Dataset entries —
+===+

Lemma size_laguerre : (size (laguerre ('X ^+ p : P) ('X ^+ p - 'X)) <= 'C(p, 2).+1)%N.
Proof.
set b : P := 'X ^+ p - 1; set g : P := - ('X ^+ p - 'X).
set G := binom_series p b 1 * exp_series p g.
have Gp : G`_p.-1 = laguerre ('X ^+ p : P) ('X ^+ p - 'X).
  rewrite coefMr /laguerre prednK ?prime_gt0 //; apply: eq_bigr => k _.
  by have kp := ltn_ord k; rewrite !coef_poly !ifT ?expr1n ?scale1r //; lia.
have ode_exp : eq_mod_Xn p.-1 ((1 + ((0 : F)%:P)%:P * 'X) * (exp_series p g)^`())
                              (g%:P * exp_series p g).
  by rewrite !polyC0 mul0r addr0 mul1r; apply: exp_series_ode natrFp_neq0 g.
have ode := eq_mod_Xn_ode_mul (binom_series_ode natrFp_neq0 b 1) ode_exp.
have sc : (size (1%:P * b + g)%R <= 2)%N.
  rewrite mul1r /b /g (_ : _ + _ = 'X - 1); last by ring.
  by apply: size_polyB_leq; rewrite ?size_polyX ?size_poly1.
have sd : (size (0%:P * (1%:P * b) + 1%:P * g)%R <= p.+1)%N.
  rewrite mul0r add0r mul1r size_polyN.
  by apply: size_polyB_leq; rewrite ?size_polyXn ?size_polyX // ltnS ltnW.
have sG0 : (size (G`_0)%R <= 1)%N.
  rewrite coef0M !coef_poly prime_gt0 // !expr0 !scale1r pbinom0 mul1r fact0 invr1.
  by rewrite scale1r size_poly1.
rewrite -Gp; apply: leq_trans
  (size_coef_ode natrFp_neq0 (e1 := 1) (e2 := p) _ sc sd sG0 ode _) _.
- by rewrite -muln2; lia.
- by rewrite prednK ?prime_gt0.
rewrite bin2odd //; have := odd_double_half p; rewrite p_odd add1n.
move: p_gt2; set h := p./2 => + p_eq; rewrite -p_eq /= doubleK -muln2; nia.
Qed.

Lemma laguerre_at0 : (laguerre ('X ^+ p : P) ('X ^+ p - 'X)).[0] = 1.
Proof.
have p0 := prime_gt0 p_prime.
rewrite /laguerre horner_sum (bigD1 (Ordinal p0)) //= big1 ?addr0 => [|k k0].
  rewrite hornerM subn0 horner_pbinom_N1 ?factFp_neq0 ?ltn_predL //.
    by rewrite signFp_pred expr0 fact0 invr1 scale1r hornerC mul1r.
  by rewrite !hornerE expr0n eqn0Ngt p0 sub0r.
have {}k0 : k != 0%N :> nat by apply: contra k0 => /eqP k0; apply/eqP/val_inj.
rewrite hornerM [X in _ * X]hornerZ horner_exp !hornerE expr0n eqn0Ngt p0 /=.
by rewrite subrr oppr0 expr0n (negbTE k0) !mulr0.
Qed.

(* After the shift alpha |-> alpha + c, the k-th term is divisible by alpha^p when
   k < p - c (the binomial has the factor alpha^p + c - 1 - (c - 1)), and by alpha^k
   otherwise since alpha^p - alpha = alpha (alpha^(p-1) - 1). *)
Lemma laguerre_dvdp c : (0 < c < p)%N ->
  ('X - (c%:R : F)%:P) ^+ (p - c) %| laguerre ('X ^+ p : P) ('X ^+ p - 'X).
Proof.
move=> c_bd; apply: dvdp_XsubC_exp_shift; set z : F := c%:R.
have Xp_shift : 'X ^+ p \Po ('X + z%:P) = 'X ^+ p + z%:P :> P.
  rewrite rmorphXn /= comp_polyX exprDn_pchar; last by rewrite pnatE // pchar_poly pchar_Fp.
  by rewrite -polyC_exp expFp_card.
have g_shift : ('X ^+ p - 'X) \Po ('X + z%:P) = 'X ^+ p - 'X :> P.
  by rewrite rmorphB /= Xp_shift comp_polyX; ring.
rewrite /laguerre rmorph_sum /=.
apply: (big_ind (fun f => 'X ^+ (p - c) %| f)) => [||k _]; first exact: dvdp0.
  exact: dvdp_add.
rewrite rmorphM /= comp_pbinom [X in _ * X]linearZ /= rmorphXn rmorphN /= g_shift.
rewrite rmorphB /= Xp_shift comp_polyC; have [kc | ck] := ltnP k (p - c).
  apply: dvdp_mulr; apply: dvdp_trans (dvdp_exp2l 'X (leq_subr c p)) _.
  rewrite {1}(_ : 'X ^+ p = 'X ^+ p + z%:P - 1%:P - c.-1%:R%:P).
    by apply: dvdp_pbinom; lia.
  by rewrite /z -{1}(prednK (n := c)) -?natr1 ?rmorphD; [ring | lia].
apply: dvdp_mull; rewrite -mul_polyC; apply: dvdp_mull.
rewrite (_ : - ('X ^+ p - 'X) = 'X * (1 - 'X ^+ p.-1)).
  by rewrite exprMn; apply: dvdp_mulr; apply: dvdp_exp2l.
by rewrite mulrBr mulr1 -exprS prednK ?prime_gt0 // opprB.
Qed.

Lemma sum_nat_lt_p : (\sum_(1 <= k < p) k)%N = 'C(p, 2).
Proof. by rewrite -bin2_sum [in RHS]big_ltn ?prime_gt0. Qed.

Definition root_divisor : P := \prod_(c <- index_iota 1 p) ('X - (c%:R : F)%:P) ^+ (p - c).

Lemma size_root_divisor : size root_divisor = 'C(p, 2).+1.
Proof.
rewrite size_prod_seq => [|c _]; last by rewrite expf_neq0 // polyXsubC_eq0.
under eq_bigr do rewrite size_exp_XsubC -addn1.
rewrite big_split /= sum1_size -sum_nat_lt_p big_nat_rev /=.
rewrite (eq_big_nat _ _ (F2 := id)) => [|k k_bd]; last by rewrite add1n subSS; lia.
by rewrite size_iota; lia.
Qed.

Lemma root_divisor_at0 : root_divisor.[0] != 0.
Proof.
rewrite horner_prod prodf_seq_neq0; apply/allP => c; rewrite mem_index_iota => c_bd.
by rewrite horner_exp expf_neq0 // !hornerE oppr_eq0 natrFp_neq0.
Qed.

Lemma root_divisor_dvdp f :
  (forall c, (0 < c < p)%N -> ('X - (c%:R : F)%:P) ^+ (p - c) %| f) -> root_divisor %| f.
Proof.
move=> dvd_f; apply: dvdp_prod_XsubC_exp => [|c]; last by rewrite mem_index_iota => /dvd_f.
rewrite map_inj_in_uniq ?iota_uniq // => a b; rewrite !mem_index_iota => a_bd b_bd.
by apply: natrFp_inj; lia.
Qed.

Definition laguerre_prod : P := (1 - 'X ^+ p.-1) * lin_prod.

Lemma dvdp_laguerre_prod c : (0 < c < p)%N ->
  ('X - (c%:R : F)%:P) ^+ (p - c) %| laguerre_prod.
Proof.
move=> c_bd; have c0 : c%:R != 0 :> F by apply: natrFp_neq0.
rewrite /laguerre_prod lin_prod_from1 (bigD1_seq (p - c)%N) ?iota_uniq //=.
  2: by rewrite mem_index_iota; lia.
have pc : (p - c = (p - c).-1.+1)%N by lia.
rewrite {1}pc exprS mulrA; apply: dvdp_mulr; apply: dvdp_mul.
  by rewrite dvdp_XsubCl /root !hornerE expFp_pred // subrr.
apply: dvdp_exp2r; rewrite dvdp_XsubCl /root !hornerE natrFpB; last by lia.
by rewrite invrN mulNr mulVf // subrr.
Qed.
Lemma suc1234_layer1_closed {v w} : pz v = 1 -> w \in suc1234 v -> pz w = 1.
Proof.
move=> v1; rewrite /suc1234 v1 /= mem_undup mem_cat.
by case/orP => [/mem_sucA []|/mem_sucB []].
Qed.

Lemma paths_from_layer1 r v :
  pz v = 1 -> paths_from suc1234 r v = paths_from suc2143 r v.
Proof.
elim: r v => [//|[//|r] IHr] v v1.
rewrite !paths_from_step -suc1234_layer1 //; congr flatten.
by apply/eq_in_map => w wv; rewrite IHr // (suc1234_layer1_closed v1 wv).
Qed.

Lemma paths_from_layer1_all {r v P} : pz v = 1 ->
  P \in paths_from suc1234 r v -> all (fun w => pz w == 1) P.
Proof.
elim: r v P => [//|[|r] IHr] v P v1; first by rewrite inE => /eqP -> /=; rewrite v1.
rewrite paths_from_step => /flatten_mapP [w wv /mapP [p pw ->]] /=.
by rewrite v1 eqxx; exact: IHr (suc1234_layer1_closed v1 wv) pw.
Qed.

Lemma rec_ends_same_layer {prev ws} {c : int} :
  pz prev = c -> all (fun w => pz w == c) ws ->
  rec_ends P1234 prev ws = rec_ends P2143 prev ws.
Proof.
elim: ws prev => [//|w ws IHws] prev prev_c /andP [/eqP w_c ws_c] /=.
by rewrite IHws // /recorded prev_c w_c eqxx ltxx orbF.
Qed.

Lemma npaths_layer1 r v gamma :
  pz v = 1 -> npaths P1234 r v gamma = npaths P2143 r v gamma.
Proof.
move=> v1; rewrite /npaths [suc _]/= -paths_from_layer1 //.
apply: eq_in_count => P Pv; have := paths_from_layer1_all v1 Pv.
rewrite (paths_from_head Pv) /= => /andP [_ ws1].
by rewrite (rec_ends_same_layer v1 ws1).
Qed.

Lemma rec_ends1234_py prev prev' p : py prev = py prev' ->
  rec_ends P1234 prev p = rec_ends P1234 prev' p.
Proof. by case: p => //= w p same_y; rewrite /recorded same_y. Qed.

Lemma npaths_recurrence (x y g2 : int) gs (Q r : nat) : (1 <= Q)%N ->
  2 <= g2 <= x + 1 ->
  npaths P1234 r.+2 (x, y, (Q.+1)%:Z) [:: x, g2 & gs] =
  (npaths P1234 r.+2 (x, y, Q%:Z) [:: x, g2 & gs] +
   npaths P1234 r.+1 (g2, (y + 1)%R, (Q.+1)%:Z) (g2 :: gs))%N.
Proof.
move=> Q_pos g2_range; rewrite /npaths [suc _]/= !count_paths_from_step.
rewrite !suc1234_pos; try lia.
rewrite -[absz _]/(Q.+1) suc1234_auxS //.
rewrite (@big_undup_cat_single _ _ _ _ (g2, y + 1, (Q.+1)%:Z)); last 3 first.
- by apply/mapP; exists g2; rewrite ?mem_irange.
- apply/negP => /mem_suc1234_aux [/mem_sucB [_ + _]|[_ + _]]; rewrite /pz /=; lia.
- case=> [[a b] c] /mem_sucA [b_eq c_eq _] w_neq.
  rewrite /py /pz /= in b_eq c_eq; subst b c.
  have a_neq : a != g2 by apply: contraNneq w_neq => ->.
  rewrite (eq_in_count (a2 := pred0)) ?count_pred0 // => p /paths_from_head -> /=.
  by rewrite /py /= eqxx /= !eqseq_cons eqxx /= /px /= (negbTE a_neq).
congr (_ + _)%N.
  apply: eq_bigr => w _; apply: eq_count => p /=.
  by rewrite (rec_ends1234_py _ (x, y, Q%:Z)).
apply: eq_in_count => p /paths_from_head -> /=.
by rewrite /py /= eqxx /= !eqseq_cons eqxx.
Qed.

+===+

Work request — Reproduce, character for character, only the lines of the preceding data that start at the line with "(size_coef_ode natrFp_neq0 (e1" and end at the line with "have p0 := prime_gt0 p_prime.", both included.

Task solution —
  (size_coef_ode natrFp_neq0 (e1 := 1) (e2 := p) _ sc sd sG0 ode _) _.
- by rewrite -muln2; lia.
- by rewrite prednK ?prime_gt0.
rewrite bin2odd //; have := odd_double_half p; rewrite p_odd add1n.
move: p_gt2; set h := p./2 => + p_eq; rewrite -p_eq /= doubleK -muln2; nia.
Qed.

Lemma laguerre_at0 : (laguerre ('X ^+ p : P) ('X ^+ p - 'X)).[0] = 1.
Proof.
have p0 := prime_gt0 p_prime.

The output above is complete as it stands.